(* Let $T:\mathcal{M}_k\to\mathcal{M}_k$ be a completely positive map that is self-adjoint with respect to the trace inner product. Then $T$ is completely reducible if and only if for every orthogonal projection $W\in\mathcal{M}_k$ with $T(W\mathcal{M}_kW)\subseteq W\mathcal{M}_kW$ we have $T|_{W\mathcal{M}_kW^\perp+W^\perp\mathcal{M}_kW}\equiv0$.
   Context: $\mathcal{M}_k$ denotes the complex $k\times k$ matrices. For an orthogonal projection $W$, $W^\perp=\mathrm{Id}-W$; for orthogonal projections $V,W$, $V\mathcal{M}_kW=\{VXW:X\in\mathcal{M}_k\}$. A linear map $T:\mathcal{M}_k\to\mathcal{M}_k$ is completely positive if $T(X)=\sum_iR_iXR_i^*$ for some $R_i\in\mathcal{M}_k$; it is positive if it maps positive semidefinite matrices to positive semidefinite matrices, and self-adjoint if self-adjoint with respect to $\langle X,Y\rangle=\mathrm{tr}(XY^* )$. Given an orthogonal projection $V$ and a positive map $T:V\mathcal{M}_kV\to V\mathcal{M}_kV$, $T$ is irreducible if the only orthogonal projections $W$ with $W\mathcal{M}_kW\subseteq V\mathcal{M}_kV$ and $T(W\mathcal{M}_kW)\subseteq W\mathcal{M}_kW$ are $W=0$ and $W=V$. A self-adjoint positive map $T:\mathcal{M}_k\to\mathcal{M}_k$ is completely reducible if there are orthogonal projections $W_1,\dots,W_l$ with $W_iW_j=0$ for $i\ne j$, $T(W_i\mathcal{M}_kW_i)\subseteq W_i\mathcal{M}_kW_i$ and $T|_{W_i\mathcal{M}_kW_i}$ irreducible for every $i$, and $T|_R\equiv0$, where $R$ is the orthogonal complement (trace inner product) of $\bigoplus_iW_i\mathcal{M}_kW_i$ in $\mathcal{M}_k$. *)

From HB Require Import structures.
From mathcomp Require Import all_boot all_order all_algebra.
From mathcomp Require Import complex reals.
Set Implicit Arguments. Unset Strict Implicit. Unset Printing Implicit Defensive.
Import Order.TTheory GRing.Theory Num.Theory.
Local Open Scope ring_scope.

Section Defs.
Variable R : realType.
Local Notation C := (R[i]).
Variable k : nat.
Local Notation M := ('M[C]_k).

Definition adjmx (A : M) : M := (map_mx Num.conj A)^T.

Definition is_orth_proj (W : M) : Prop := W *m W = W /\ adjmx W = W.

Definition perp (W : M) : M := 1%:M - W.

Definition completely_positive (T : M -> M) : Prop :=
  exists (n : nat) (Rs : 'I_n -> M),
    forall X : M, T X = \sum_(i < n) Rs i *m X *m adjmx (Rs i).

Definition trace_selfadjoint (T : M -> M) : Prop :=
  forall X Y : M, \tr (T X *m adjmx Y) = \tr (X *m adjmx (T Y)).

Definition maps_into (T : M -> M) (V W V' W' : M) : Prop :=
  forall X : M, exists Y : M, T (V *m X *m W) = V' *m Y *m W'.

Definition corner_sub (V W V' W' : M) : Prop :=
  forall X : M, exists Y : M, V *m X *m W = V' *m Y *m W'.

Definition irreducible_on (T : M -> M) (V : M) : Prop :=
  forall W : M, is_orth_proj W -> corner_sub W W V V ->
    maps_into T W W W W -> W = 0 \/ W = V.

Definition completely_reducible (T : M -> M) : Prop :=
  exists (l : nat) (Ws : 'I_l -> M),
    [/\ (forall i, is_orth_proj (Ws i)),
        (forall i j, i != j -> Ws i *m Ws j = 0),
        (forall i, maps_into T (Ws i) (Ws i) (Ws i) (Ws i)),
        (forall i, irreducible_on T (Ws i)) &
        (* T vanishes on the trace-orthogonal complement of (+)_i W_i M_k W_i *)
        (forall X : M,
           (forall i (Y : M), \tr (X *m adjmx (Ws i *m Y *m Ws i)) = 0) ->
           T X = 0)].
End Defs.
(* Let $G$ be a bipartite cactus graph with $n\ge4$ vertices and $m$ edges, with degree sequence $d$, and suppose $\beta\ge 1$, where $\beta=\max\{\mu_1,\tfrac12(\mu_1+\mu_{odd})\}$. Then $m\le \left\lfloor\frac{4(n-1)-\beta}{3}\right\rfloor$.
   Context: A cactus graph is a connected simple graph in which every edge belongs to at most one cycle; a bi-cactus is a bipartite cactus. For the degree sequence $d$, $\mu_1$ is the number of entries equal to $1$ and $\mu_{odd}$ is the number of entries that are odd integers greater than $1$. *)

From mathcomp Require Import all_boot all_order all_algebra.
Set Implicit Arguments. Unset Strict Implicit. Unset Printing Implicit Defensive.
Import Order.TTheory GRing.Theory Num.Theory.

Definition simple_graph (T : finType) (e : rel T) : Prop :=
  symmetric e /\ irreflexive e.

Definition connected_graph (T : finType) (e : rel T) : Prop :=
  forall x y : T, connect e x y.

Definition bipartite (T : finType) (e : rel T) : Prop :=
  exists c : T -> bool, forall x y, e x y -> c x != c y.

Definition is_graph_cycle (T : finType) (e : rel T) (c : seq T) : bool :=
  [&& 3 <= size c, uniq c & cycle e c].

Definition cycle_edge (T : finType) (c : seq T) (x y : T) : bool :=
  [&& x \in c, y \in c & (next c x == y) || (next c y == x)].

Definition same_cycle (T : finType) (c1 c2 : seq T) : Prop :=
  forall x y, cycle_edge c1 x y = cycle_edge c2 x y.

Definition cactus (T : finType) (e : rel T) : Prop :=
  [/\ simple_graph e, connected_graph e &
   forall (c1 c2 : seq T) (x y : T),
     is_graph_cycle e c1 -> is_graph_cycle e c2 -> e x y ->
     cycle_edge c1 x y -> cycle_edge c2 x y -> same_cycle c1 c2].

Definition bi_cactus (T : finType) (e : rel T) : Prop :=
  cactus e /\ bipartite e.

Definition deg (T : finType) (e : rel T) (x : T) : nat := #|[set y | e x y]|.

Definition num_edges (T : finType) (e : rel T) : nat :=
  #|[set [set p.1; p.2] | p in [set p : T * T | e p.1 p.2]]|.

Definition mu1 (T : finType) (e : rel T) : nat := #|[set x | deg e x == 1%N]|.

Definition muodd (T : finType) (e : rel T) : nat :=
  #|[set x | odd (deg e x) && (1 < deg e x)%N]|.

Local Open Scope ring_scope.

Definition beta (T : finType) (e : rel T) : rat :=
  Num.max ((mu1 e)%:R) (((mu1 e + muodd e)%N)%:R / 2).

(* Split the m edges into b bridges and c edges lying on a cycle.  Deleting
   one edge of a cycle keeps a connected bipartite cactus, and by the cactus
   property it removes from the cycle-edges the whole cycle, which has at least
   4 edges because bipartite cycles are even; induction down to a tree, which
   has at most n - 1 edges, gives 4m <= 4(n - 1) + c, i.e. 3m + b <= 4(n - 1).
   It remains to see beta <= b.  Leaf edges are distinct bridges when n >= 3,
   so mu1 <= b.  The cycle-edges at a vertex pair up along the cycles through
   it, so every vertex of odd degree is the tail of a bridge arc, whence
   mu1 + muodd <= 2b. *)

From mathcomp Require Import all_boot all_order all_algebra.
From mathcomp Require Import zify lra.
Import Order.TTheory GRing.Theory Num.Theory.
Set Implicit Arguments. Unset Strict Implicit. Unset Printing Implicit Defensive.

Section SeqCycles.
Variable T : finType.
Implicit Types (D p : seq T) (x y z v : T).

Lemma eq_set2 (a b c d : T) : [set a; b] = [set c; d] ->
  (a = c /\ b = d) \/ (a = d /\ b = c).
Proof.
move=> h.
have : a \in [set c; d] by rewrite -h set21.
have : b \in [set c; d] by rewrite -h set22.
have : c \in [set a; b] by rewrite h set21.
have : d \in [set a; b] by rewrite h set22.
rewrite !inE => + + /orP[] /eqP hb /orP[] /eqP ha; subst.
all: by move=> /orP[]/eqP? /orP[]/eqP?; subst; auto.
Qed.

Lemma prev_head x p : x \notin p -> prev (x :: p) x = last x p.
Proof.
move=> xp; rewrite prev_nth mem_head memNindex //.
by rewrite -[in RHS](last_cons x x p) -nth_last.
Qed.

Lemma next_neq_prev D x :
  uniq D -> 3 <= size D -> x \in D -> next D x != prev D x.
Proof.
move=> U sD /rot_to [i p Dp].
rewrite -(next_rot i U) -(prev_rot i U) Dp.
have : uniq (x :: p) by rewrite -Dp rot_uniq.
have : 2 <= size p by rewrite -ltnS -[(size p).+1]/(size (x :: p)) -Dp size_rot.
case: p {Dp} => [|a [|b q]] // _ /andP [xp /andP [aq _]].
rewrite (prev_head xp) [next _ _]/= eqxx.
by apply/eqP => ab; move: aq; rewrite ab /= mem_last.
Qed.

Lemma cycle_edgeC D x y : cycle_edge D x y = cycle_edge D y x.
Proof. by rewrite /cycle_edge andbCA orbC. Qed.

Lemma cycle_edge_next D x : x \in D -> cycle_edge D x (next D x).
Proof. by move=> xD; rewrite /cycle_edge xD mem_next xD eqxx. Qed.

Lemma cycle_edgeE D v z : uniq D ->
  cycle_edge D v z = (v \in D) && ((z == next D v) || (z == prev D v)).
Proof.
move=> U; case vD: (v \in D); last by rewrite /cycle_edge vD.
have E : (next D z == v) = (z == prev D v).
  by apply/eqP/eqP => [<-|->]; rewrite ?prev_next ?next_prev.
rewrite /cycle_edge vD E [next D v == z]eq_sym /=.
case: (boolP (z == next D v)) => [/eqP->|_]; first by rewrite mem_next vD.
by case: (boolP (z == prev D v)) => [/eqP->|_]; rewrite ?mem_prev ?vD ?andbF.
Qed.

Lemma cycle_edge_rel (e : rel T) D x y : symmetric e -> cycle e D ->
  cycle_edge D x y -> e x y.
Proof.
move=> se cD /and3P [xD yD /orP [/eqP <-|/eqP <-]]; first exact: next_cycle.
by rewrite se; apply: next_cycle.
Qed.

Definition cycle_edge_set D : {set {set T}} := [set [set x; next D x] | x in D].

Lemma card_cycle_edge_set D : uniq D -> 3 <= size D -> #|cycle_edge_set D| = size D.
Proof.
move=> U sD; rewrite card_in_imset ?cardsE ?(card_uniqP U) //.
move=> x y xD yD /eq_set2 [[-> //]|[h1 h2]].
have := next_neq_prev U sD yD.
by rewrite -h1 -h2 (prev_next U) eqxx.
Qed.

Definition other_neighbour D v x := if next D v == x then prev D v else next D v.

Lemma cycle_edge_other_neighbour D v x :
  uniq D -> v \in D -> cycle_edge D v (other_neighbour D v x).
Proof.
by move=> U vD; rewrite cycle_edgeE // vD /other_neighbour; case: ifP; rewrite eqxx ?orbT.
Qed.

Lemma other_neighbour_neq D v x :
  uniq D -> 3 <= size D -> v \in D -> other_neighbour D v x != x.
Proof.
move=> U sD vD; rewrite /other_neighbour; case: ifP => [/eqP <-|/negbT //].
by rewrite eq_sym next_neq_prev.
Qed.

Lemma other_neighbourE D v x y : uniq D ->
  cycle_edge D v x -> cycle_edge D v y -> x != y -> other_neighbour D v y = x.
Proof.
rewrite /other_neighbour => U; rewrite !cycle_edgeE // => /andP[_ hx] /andP[_ hy] xy.
case: ifP => [/eqP ny|/negbT ny].
  by case/orP: hx => /eqP // hx; move: xy; rewrite hx ny eqxx.
case/orP: hx => /eqP // hx; case/orP: hy => /eqP hy; first by move: ny; rewrite hy eqxx.
by move: xy; rewrite hx hy eqxx.
Qed.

----------------

Reproduce verbatim the lines above, from the line with "rewrite !inE =>" through the line with "rewrite (prev_head xp) [next _ _]/= eqxx.".

• **ANSWER TO THE PROBLEM**:
rewrite !inE => + + /orP[] /eqP hb /orP[] /eqP ha; subst.
all: by move=> /orP[]/eqP? /orP[]/eqP?; subst; auto.
Qed.

Lemma prev_head x p : x \notin p -> prev (x :: p) x = last x p.
Proof.
move=> xp; rewrite prev_nth mem_head memNindex //.
by rewrite -[in RHS](last_cons x x p) -nth_last.
Qed.

Lemma next_neq_prev D x :
  uniq D -> 3 <= size D -> x \in D -> next D x != prev D x.
Proof.
move=> U sD /rot_to [i p Dp].
rewrite -(next_rot i U) -(prev_rot i U) Dp.
have : uniq (x :: p) by rewrite -Dp rot_uniq.
have : 2 <= size p by rewrite -ltnS -[(size p).+1]/(size (x :: p)) -Dp size_rot.
case: p {Dp} => [|a [|b q]] // _ /andP [xp /andP [aq _]].
rewrite (prev_head xp) [next _ _]/= eqxx.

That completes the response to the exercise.